Exercise aim:
Beneath this instruction is a block of data; output from it exactly the lines that run from the one containing "Lemma pstring_mul_disjoint N" through the one containing "apply: op_ext => x y; rewrite /opid", inclusive.

::::

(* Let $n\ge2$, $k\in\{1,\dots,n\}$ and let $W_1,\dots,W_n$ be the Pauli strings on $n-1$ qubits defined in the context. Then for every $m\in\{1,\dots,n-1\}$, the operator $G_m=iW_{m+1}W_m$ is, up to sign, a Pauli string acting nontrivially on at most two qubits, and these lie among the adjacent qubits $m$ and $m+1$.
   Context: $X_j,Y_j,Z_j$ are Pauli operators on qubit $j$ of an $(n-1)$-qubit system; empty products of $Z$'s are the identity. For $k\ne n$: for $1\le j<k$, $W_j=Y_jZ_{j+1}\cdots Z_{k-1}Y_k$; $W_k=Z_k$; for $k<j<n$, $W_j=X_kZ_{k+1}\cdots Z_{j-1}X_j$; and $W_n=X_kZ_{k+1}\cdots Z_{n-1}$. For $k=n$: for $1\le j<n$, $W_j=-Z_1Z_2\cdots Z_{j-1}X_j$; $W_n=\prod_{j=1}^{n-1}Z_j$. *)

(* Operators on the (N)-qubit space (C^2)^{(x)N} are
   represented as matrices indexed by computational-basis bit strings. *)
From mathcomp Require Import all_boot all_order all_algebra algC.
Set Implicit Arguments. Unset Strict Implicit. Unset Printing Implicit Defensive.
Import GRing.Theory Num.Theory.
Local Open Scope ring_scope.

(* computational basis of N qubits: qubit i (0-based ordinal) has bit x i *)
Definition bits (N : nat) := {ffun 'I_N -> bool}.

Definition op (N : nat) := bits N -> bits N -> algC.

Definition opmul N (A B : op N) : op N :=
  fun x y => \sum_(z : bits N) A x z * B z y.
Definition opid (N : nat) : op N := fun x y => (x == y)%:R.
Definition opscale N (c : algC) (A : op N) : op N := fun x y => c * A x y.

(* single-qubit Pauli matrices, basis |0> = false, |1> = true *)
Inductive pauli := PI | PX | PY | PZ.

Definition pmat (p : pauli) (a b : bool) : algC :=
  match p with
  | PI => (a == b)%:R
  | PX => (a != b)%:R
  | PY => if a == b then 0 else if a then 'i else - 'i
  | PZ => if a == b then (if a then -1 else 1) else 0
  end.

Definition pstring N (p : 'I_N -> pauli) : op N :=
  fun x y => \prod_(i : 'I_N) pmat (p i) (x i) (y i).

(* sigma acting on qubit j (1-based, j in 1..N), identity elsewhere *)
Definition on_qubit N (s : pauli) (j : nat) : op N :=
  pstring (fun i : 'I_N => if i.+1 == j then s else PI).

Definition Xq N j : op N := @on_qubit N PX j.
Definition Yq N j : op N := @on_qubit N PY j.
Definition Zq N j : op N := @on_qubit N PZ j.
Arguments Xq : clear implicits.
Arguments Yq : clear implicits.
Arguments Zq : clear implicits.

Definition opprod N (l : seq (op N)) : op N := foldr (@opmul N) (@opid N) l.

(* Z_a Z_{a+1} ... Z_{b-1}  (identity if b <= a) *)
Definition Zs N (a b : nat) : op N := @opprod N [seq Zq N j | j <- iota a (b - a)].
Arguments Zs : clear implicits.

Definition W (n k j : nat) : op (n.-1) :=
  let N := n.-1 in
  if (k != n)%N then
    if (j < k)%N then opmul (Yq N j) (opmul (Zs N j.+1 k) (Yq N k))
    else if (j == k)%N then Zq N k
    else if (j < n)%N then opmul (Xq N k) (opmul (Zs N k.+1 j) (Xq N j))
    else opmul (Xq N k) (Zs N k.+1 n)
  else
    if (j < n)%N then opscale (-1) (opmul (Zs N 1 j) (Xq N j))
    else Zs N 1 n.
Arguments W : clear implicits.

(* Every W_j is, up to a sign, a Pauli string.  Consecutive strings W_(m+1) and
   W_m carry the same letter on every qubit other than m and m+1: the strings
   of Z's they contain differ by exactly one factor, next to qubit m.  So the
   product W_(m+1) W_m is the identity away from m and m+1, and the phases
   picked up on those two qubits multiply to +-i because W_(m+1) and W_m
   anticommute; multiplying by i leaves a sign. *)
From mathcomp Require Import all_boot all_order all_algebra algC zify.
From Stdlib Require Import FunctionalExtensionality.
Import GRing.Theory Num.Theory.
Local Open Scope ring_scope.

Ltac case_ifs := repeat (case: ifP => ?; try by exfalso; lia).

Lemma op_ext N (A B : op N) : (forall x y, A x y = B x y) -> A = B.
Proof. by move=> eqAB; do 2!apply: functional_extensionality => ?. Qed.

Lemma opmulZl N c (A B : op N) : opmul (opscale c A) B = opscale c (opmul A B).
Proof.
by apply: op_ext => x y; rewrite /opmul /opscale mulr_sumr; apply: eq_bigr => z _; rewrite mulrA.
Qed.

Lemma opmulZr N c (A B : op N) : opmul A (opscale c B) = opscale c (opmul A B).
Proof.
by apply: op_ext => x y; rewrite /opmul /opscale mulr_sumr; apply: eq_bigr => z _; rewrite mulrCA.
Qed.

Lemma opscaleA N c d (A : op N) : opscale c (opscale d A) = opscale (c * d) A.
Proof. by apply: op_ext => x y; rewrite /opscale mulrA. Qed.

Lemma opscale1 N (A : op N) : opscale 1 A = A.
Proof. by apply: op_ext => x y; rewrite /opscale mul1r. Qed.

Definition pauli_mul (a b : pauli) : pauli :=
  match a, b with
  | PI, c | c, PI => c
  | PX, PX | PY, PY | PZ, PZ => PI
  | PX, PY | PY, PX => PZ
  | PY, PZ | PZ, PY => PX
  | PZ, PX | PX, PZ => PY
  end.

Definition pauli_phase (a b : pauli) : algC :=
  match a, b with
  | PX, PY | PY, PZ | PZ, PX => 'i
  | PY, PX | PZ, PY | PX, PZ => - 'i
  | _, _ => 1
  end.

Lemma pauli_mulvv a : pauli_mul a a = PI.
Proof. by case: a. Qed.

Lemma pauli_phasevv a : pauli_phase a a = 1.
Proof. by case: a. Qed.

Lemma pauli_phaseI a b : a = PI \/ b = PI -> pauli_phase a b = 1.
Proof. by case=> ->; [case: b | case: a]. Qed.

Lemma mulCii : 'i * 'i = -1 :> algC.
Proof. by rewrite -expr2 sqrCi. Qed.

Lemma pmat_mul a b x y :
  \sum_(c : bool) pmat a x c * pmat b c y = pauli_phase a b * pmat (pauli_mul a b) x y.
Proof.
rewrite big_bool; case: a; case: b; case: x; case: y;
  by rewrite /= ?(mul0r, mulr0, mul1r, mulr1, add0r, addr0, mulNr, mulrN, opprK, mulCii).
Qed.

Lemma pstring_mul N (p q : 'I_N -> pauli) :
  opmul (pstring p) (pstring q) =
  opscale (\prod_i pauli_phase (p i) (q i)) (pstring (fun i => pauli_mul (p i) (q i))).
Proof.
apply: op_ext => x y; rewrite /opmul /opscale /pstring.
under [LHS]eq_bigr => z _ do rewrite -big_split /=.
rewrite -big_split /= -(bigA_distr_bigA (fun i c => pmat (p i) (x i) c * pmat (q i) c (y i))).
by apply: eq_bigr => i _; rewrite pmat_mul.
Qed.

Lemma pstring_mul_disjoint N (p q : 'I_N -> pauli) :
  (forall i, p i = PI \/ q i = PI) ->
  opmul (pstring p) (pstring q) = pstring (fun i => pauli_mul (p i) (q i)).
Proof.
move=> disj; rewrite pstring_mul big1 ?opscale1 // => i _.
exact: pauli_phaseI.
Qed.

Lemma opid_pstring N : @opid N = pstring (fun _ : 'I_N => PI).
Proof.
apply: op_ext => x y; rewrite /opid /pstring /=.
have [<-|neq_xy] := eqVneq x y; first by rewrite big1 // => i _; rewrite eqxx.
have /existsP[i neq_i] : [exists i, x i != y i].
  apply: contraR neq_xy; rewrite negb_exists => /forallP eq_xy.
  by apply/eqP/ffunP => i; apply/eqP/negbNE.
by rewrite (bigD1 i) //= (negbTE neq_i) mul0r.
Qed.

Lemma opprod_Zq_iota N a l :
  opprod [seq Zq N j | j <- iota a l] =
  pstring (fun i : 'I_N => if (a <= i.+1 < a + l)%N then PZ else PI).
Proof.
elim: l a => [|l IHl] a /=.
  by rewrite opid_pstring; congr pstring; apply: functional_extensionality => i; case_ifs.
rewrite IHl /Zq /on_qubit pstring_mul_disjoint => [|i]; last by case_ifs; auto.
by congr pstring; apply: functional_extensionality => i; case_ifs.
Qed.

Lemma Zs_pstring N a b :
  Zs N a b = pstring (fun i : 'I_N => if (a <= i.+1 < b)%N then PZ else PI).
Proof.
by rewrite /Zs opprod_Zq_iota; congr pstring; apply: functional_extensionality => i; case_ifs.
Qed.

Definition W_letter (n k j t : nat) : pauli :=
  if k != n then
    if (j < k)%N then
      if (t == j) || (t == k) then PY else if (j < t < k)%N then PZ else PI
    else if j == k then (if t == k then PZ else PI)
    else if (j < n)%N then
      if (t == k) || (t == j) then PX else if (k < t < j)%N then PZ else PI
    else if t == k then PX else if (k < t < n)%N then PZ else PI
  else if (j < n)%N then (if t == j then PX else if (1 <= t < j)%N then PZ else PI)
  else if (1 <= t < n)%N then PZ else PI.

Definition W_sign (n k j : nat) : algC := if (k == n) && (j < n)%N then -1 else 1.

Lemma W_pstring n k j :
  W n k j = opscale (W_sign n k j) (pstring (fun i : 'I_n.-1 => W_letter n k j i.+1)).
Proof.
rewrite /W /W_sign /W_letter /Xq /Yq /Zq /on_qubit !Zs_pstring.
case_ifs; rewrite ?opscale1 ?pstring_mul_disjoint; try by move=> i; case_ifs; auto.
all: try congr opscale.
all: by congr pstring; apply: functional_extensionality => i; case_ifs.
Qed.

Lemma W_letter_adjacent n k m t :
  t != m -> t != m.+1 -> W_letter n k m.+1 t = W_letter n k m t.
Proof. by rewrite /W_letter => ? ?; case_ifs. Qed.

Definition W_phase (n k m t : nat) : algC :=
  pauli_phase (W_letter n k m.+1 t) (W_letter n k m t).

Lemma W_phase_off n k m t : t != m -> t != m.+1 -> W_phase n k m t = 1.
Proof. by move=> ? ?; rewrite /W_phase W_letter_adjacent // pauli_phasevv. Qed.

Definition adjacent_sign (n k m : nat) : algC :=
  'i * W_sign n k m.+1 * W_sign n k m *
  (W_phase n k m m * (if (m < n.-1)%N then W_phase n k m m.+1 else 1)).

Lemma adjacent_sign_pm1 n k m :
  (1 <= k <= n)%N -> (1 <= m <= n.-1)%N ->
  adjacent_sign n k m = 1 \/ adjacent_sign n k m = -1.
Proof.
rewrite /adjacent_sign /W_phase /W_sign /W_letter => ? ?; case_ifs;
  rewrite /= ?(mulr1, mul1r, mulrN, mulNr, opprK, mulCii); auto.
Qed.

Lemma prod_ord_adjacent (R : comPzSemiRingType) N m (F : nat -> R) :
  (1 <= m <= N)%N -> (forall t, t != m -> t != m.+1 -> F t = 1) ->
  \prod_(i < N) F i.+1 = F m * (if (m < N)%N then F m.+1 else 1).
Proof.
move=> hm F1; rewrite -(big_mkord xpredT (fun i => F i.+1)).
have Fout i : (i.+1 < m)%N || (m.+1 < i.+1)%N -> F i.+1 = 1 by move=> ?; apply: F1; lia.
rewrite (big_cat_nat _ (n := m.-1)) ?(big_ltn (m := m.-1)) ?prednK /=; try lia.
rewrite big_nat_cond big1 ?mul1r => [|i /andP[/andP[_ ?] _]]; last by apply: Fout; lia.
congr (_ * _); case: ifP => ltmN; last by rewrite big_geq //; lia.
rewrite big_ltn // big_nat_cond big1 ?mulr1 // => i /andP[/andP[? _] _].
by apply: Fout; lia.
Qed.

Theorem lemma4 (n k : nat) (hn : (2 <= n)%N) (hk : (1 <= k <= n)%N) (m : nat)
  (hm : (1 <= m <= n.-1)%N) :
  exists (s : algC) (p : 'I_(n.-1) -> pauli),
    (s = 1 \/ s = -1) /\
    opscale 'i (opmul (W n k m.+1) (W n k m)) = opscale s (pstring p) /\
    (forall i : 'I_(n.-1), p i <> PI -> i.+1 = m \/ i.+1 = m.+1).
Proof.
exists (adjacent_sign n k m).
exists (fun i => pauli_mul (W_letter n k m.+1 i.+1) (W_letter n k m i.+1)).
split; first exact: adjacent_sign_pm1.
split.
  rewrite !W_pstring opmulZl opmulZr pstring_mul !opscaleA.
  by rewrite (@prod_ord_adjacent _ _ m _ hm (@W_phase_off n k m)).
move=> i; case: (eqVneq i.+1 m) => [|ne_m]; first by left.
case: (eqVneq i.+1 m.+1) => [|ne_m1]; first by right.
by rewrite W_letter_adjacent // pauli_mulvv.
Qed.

::::

Response to this exercise:
Lemma pstring_mul_disjoint N (p q : 'I_N -> pauli) :
  (forall i, p i = PI \/ q i = PI) ->
  opmul (pstring p) (pstring q) = pstring (fun i => pauli_mul (p i) (q i)).
Proof.
move=> disj; rewrite pstring_mul big1 ?opscale1 // => i _.
exact: pauli_phaseI.
Qed.

Lemma opid_pstring N : @opid N = pstring (fun _ : 'I_N => PI).
Proof.
apply: op_ext => x y; rewrite /opid /pstring /=.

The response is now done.